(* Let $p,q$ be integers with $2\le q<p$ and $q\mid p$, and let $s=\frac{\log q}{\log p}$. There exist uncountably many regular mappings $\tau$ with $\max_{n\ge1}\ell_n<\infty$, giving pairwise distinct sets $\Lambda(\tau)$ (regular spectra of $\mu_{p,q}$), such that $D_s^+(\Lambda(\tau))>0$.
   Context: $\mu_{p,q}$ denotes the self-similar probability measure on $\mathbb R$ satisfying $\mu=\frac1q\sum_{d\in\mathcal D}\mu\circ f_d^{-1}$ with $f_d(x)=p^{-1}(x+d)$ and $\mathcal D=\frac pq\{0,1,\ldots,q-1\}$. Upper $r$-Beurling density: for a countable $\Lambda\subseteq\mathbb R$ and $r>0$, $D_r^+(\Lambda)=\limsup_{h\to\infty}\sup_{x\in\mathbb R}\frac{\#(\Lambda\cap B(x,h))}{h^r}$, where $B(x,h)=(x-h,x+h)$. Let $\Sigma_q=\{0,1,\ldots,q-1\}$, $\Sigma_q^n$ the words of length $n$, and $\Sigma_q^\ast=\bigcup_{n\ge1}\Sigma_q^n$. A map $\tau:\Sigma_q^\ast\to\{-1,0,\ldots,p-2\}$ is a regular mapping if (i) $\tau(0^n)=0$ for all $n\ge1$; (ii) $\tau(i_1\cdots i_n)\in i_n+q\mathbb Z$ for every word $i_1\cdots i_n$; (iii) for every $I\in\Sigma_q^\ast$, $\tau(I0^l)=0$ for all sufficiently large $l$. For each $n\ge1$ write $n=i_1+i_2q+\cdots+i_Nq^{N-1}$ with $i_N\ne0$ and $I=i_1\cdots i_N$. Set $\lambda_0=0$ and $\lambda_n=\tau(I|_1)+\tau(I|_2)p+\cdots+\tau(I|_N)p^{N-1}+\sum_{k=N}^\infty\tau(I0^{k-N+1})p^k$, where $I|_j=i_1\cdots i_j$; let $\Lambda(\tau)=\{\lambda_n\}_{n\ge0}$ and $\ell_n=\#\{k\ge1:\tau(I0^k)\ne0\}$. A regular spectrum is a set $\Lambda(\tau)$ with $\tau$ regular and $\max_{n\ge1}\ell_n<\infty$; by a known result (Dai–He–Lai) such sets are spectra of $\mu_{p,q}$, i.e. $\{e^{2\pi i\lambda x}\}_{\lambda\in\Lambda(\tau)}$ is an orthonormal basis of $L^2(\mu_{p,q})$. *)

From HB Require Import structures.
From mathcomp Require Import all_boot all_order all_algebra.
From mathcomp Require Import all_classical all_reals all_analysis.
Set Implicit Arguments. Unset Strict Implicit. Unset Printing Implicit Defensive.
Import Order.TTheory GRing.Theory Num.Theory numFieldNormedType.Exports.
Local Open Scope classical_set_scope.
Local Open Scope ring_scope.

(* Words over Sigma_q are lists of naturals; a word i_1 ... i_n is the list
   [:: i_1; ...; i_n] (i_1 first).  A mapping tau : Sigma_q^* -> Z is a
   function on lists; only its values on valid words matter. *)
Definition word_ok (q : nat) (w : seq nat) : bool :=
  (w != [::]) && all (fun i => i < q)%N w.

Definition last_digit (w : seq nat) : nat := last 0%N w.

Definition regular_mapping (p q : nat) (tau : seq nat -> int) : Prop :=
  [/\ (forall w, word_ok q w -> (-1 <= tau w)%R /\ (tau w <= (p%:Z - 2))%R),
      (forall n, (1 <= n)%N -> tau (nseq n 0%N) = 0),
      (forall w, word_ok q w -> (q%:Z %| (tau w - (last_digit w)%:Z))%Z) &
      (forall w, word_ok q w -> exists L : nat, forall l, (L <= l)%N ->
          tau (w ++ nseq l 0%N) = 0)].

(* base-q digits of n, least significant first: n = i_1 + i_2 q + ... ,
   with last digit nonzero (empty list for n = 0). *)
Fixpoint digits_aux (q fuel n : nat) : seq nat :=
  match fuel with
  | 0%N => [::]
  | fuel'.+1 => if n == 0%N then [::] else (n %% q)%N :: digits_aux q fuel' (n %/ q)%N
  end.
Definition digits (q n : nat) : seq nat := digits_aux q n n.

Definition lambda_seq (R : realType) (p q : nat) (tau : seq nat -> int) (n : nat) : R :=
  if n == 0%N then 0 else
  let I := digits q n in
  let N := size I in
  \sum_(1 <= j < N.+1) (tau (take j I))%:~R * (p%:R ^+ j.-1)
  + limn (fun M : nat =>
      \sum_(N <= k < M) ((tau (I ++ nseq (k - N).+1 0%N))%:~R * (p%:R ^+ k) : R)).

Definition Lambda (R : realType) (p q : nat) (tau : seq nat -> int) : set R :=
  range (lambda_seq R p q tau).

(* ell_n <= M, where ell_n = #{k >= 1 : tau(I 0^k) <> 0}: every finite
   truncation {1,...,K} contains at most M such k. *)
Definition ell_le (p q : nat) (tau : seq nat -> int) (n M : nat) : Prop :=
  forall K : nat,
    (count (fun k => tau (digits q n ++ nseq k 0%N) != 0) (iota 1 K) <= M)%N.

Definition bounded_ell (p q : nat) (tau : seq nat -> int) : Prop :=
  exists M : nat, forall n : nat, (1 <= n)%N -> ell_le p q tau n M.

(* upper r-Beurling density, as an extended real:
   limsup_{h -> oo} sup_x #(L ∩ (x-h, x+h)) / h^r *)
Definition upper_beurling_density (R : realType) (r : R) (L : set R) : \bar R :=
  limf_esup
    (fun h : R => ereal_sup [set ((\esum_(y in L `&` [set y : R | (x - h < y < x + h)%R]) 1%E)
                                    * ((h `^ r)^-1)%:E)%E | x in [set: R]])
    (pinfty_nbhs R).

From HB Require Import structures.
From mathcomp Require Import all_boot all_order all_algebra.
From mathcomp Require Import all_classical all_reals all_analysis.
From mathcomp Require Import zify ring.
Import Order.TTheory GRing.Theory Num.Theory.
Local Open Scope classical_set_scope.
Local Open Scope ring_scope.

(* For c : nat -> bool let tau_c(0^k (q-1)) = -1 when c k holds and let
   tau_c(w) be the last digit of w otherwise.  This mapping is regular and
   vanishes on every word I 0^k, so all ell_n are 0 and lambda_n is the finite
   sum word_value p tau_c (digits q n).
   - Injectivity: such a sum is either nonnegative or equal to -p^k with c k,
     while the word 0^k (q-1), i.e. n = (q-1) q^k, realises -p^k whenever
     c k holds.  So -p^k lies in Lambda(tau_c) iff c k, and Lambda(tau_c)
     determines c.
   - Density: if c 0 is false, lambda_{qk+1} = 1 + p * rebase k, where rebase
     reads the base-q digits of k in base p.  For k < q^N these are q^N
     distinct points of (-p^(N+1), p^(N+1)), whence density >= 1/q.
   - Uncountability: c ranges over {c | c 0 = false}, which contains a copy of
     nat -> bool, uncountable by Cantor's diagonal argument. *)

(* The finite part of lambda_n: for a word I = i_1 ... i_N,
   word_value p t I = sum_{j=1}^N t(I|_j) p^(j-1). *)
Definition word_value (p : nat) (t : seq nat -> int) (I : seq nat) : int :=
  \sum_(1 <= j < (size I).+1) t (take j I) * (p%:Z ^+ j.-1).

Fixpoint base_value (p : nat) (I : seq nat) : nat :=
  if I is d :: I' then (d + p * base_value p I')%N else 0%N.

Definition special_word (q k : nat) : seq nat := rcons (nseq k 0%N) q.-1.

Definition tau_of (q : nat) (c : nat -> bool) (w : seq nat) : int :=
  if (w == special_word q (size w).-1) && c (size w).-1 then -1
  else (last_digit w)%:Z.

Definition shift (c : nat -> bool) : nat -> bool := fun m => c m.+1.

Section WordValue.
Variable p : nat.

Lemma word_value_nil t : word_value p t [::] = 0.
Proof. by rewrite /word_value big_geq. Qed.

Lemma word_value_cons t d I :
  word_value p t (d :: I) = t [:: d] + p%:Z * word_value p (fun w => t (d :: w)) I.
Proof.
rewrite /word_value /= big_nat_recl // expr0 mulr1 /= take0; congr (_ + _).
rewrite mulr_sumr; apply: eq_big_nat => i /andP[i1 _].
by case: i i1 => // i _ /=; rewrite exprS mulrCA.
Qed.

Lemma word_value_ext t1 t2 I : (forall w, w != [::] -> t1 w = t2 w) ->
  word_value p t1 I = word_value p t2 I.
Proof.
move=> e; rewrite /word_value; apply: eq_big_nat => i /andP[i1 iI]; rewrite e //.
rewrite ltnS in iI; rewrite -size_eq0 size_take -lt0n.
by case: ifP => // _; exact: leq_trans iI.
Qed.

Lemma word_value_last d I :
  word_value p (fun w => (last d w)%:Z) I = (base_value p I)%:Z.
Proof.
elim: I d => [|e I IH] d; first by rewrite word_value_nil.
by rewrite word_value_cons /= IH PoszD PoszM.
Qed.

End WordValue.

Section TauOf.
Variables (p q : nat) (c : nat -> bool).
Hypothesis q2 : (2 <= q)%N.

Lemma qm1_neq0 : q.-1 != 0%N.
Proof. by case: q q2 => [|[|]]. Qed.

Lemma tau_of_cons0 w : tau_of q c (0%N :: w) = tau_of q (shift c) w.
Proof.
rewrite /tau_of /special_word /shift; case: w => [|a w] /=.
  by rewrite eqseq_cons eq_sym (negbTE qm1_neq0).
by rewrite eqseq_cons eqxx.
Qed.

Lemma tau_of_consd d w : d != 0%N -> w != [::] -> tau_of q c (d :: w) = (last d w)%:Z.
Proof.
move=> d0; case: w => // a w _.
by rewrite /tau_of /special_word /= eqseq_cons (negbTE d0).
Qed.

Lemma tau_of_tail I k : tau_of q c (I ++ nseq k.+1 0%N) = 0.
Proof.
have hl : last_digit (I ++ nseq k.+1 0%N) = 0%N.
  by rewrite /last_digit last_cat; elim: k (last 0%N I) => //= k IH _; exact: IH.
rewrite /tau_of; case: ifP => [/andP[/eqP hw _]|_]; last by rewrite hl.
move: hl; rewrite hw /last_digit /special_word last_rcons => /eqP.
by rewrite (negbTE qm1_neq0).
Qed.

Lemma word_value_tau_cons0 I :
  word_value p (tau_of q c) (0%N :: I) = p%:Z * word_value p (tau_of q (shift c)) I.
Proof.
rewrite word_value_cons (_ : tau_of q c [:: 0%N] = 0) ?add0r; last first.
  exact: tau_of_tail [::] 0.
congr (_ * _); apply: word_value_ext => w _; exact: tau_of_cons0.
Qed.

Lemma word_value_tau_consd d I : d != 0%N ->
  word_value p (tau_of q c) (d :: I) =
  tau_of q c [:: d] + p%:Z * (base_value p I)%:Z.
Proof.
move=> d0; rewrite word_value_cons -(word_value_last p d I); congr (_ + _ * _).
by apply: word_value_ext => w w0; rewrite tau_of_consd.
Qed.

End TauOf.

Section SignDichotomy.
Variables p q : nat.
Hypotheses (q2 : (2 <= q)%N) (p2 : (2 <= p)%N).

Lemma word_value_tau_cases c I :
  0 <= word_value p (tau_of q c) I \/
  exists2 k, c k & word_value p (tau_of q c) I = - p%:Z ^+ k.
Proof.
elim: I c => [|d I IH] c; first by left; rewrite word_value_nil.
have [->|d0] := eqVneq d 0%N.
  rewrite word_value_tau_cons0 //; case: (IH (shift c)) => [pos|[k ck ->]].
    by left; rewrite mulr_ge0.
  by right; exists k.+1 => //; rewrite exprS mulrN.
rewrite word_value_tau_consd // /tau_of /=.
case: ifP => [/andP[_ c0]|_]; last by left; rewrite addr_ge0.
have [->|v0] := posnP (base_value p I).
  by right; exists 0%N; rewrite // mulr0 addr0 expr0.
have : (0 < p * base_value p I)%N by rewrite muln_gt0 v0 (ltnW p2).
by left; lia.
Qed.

Activity:
Everything above from the line containing "let I := digits q n in" through the line containing "From mathcomp Require Import zify ring." must be copied exactly. Nothing outside that range belongs in the answer.

Response to this task:
  let I := digits q n in
  let N := size I in
  \sum_(1 <= j < N.+1) (tau (take j I))%:~R * (p%:R ^+ j.-1)
  + limn (fun M : nat =>
      \sum_(N <= k < M) ((tau (I ++ nseq (k - N).+1 0%N))%:~R * (p%:R ^+ k) : R)).

Definition Lambda (R : realType) (p q : nat) (tau : seq nat -> int) : set R :=
  range (lambda_seq R p q tau).

(* ell_n <= M, where ell_n = #{k >= 1 : tau(I 0^k) <> 0}: every finite
   truncation {1,...,K} contains at most M such k. *)
Definition ell_le (p q : nat) (tau : seq nat -> int) (n M : nat) : Prop :=
  forall K : nat,
    (count (fun k => tau (digits q n ++ nseq k 0%N) != 0) (iota 1 K) <= M)%N.

Definition bounded_ell (p q : nat) (tau : seq nat -> int) : Prop :=
  exists M : nat, forall n : nat, (1 <= n)%N -> ell_le p q tau n M.

(* upper r-Beurling density, as an extended real:
   limsup_{h -> oo} sup_x #(L ∩ (x-h, x+h)) / h^r *)
Definition upper_beurling_density (R : realType) (r : R) (L : set R) : \bar R :=
  limf_esup
    (fun h : R => ereal_sup [set ((\esum_(y in L `&` [set y : R | (x - h < y < x + h)%R]) 1%E)
                                    * ((h `^ r)^-1)%:E)%E | x in [set: R]])
    (pinfty_nbhs R).

From HB Require Import structures.
From mathcomp Require Import all_boot all_order all_algebra.
From mathcomp Require Import all_classical all_reals all_analysis.
From mathcomp Require Import zify ring.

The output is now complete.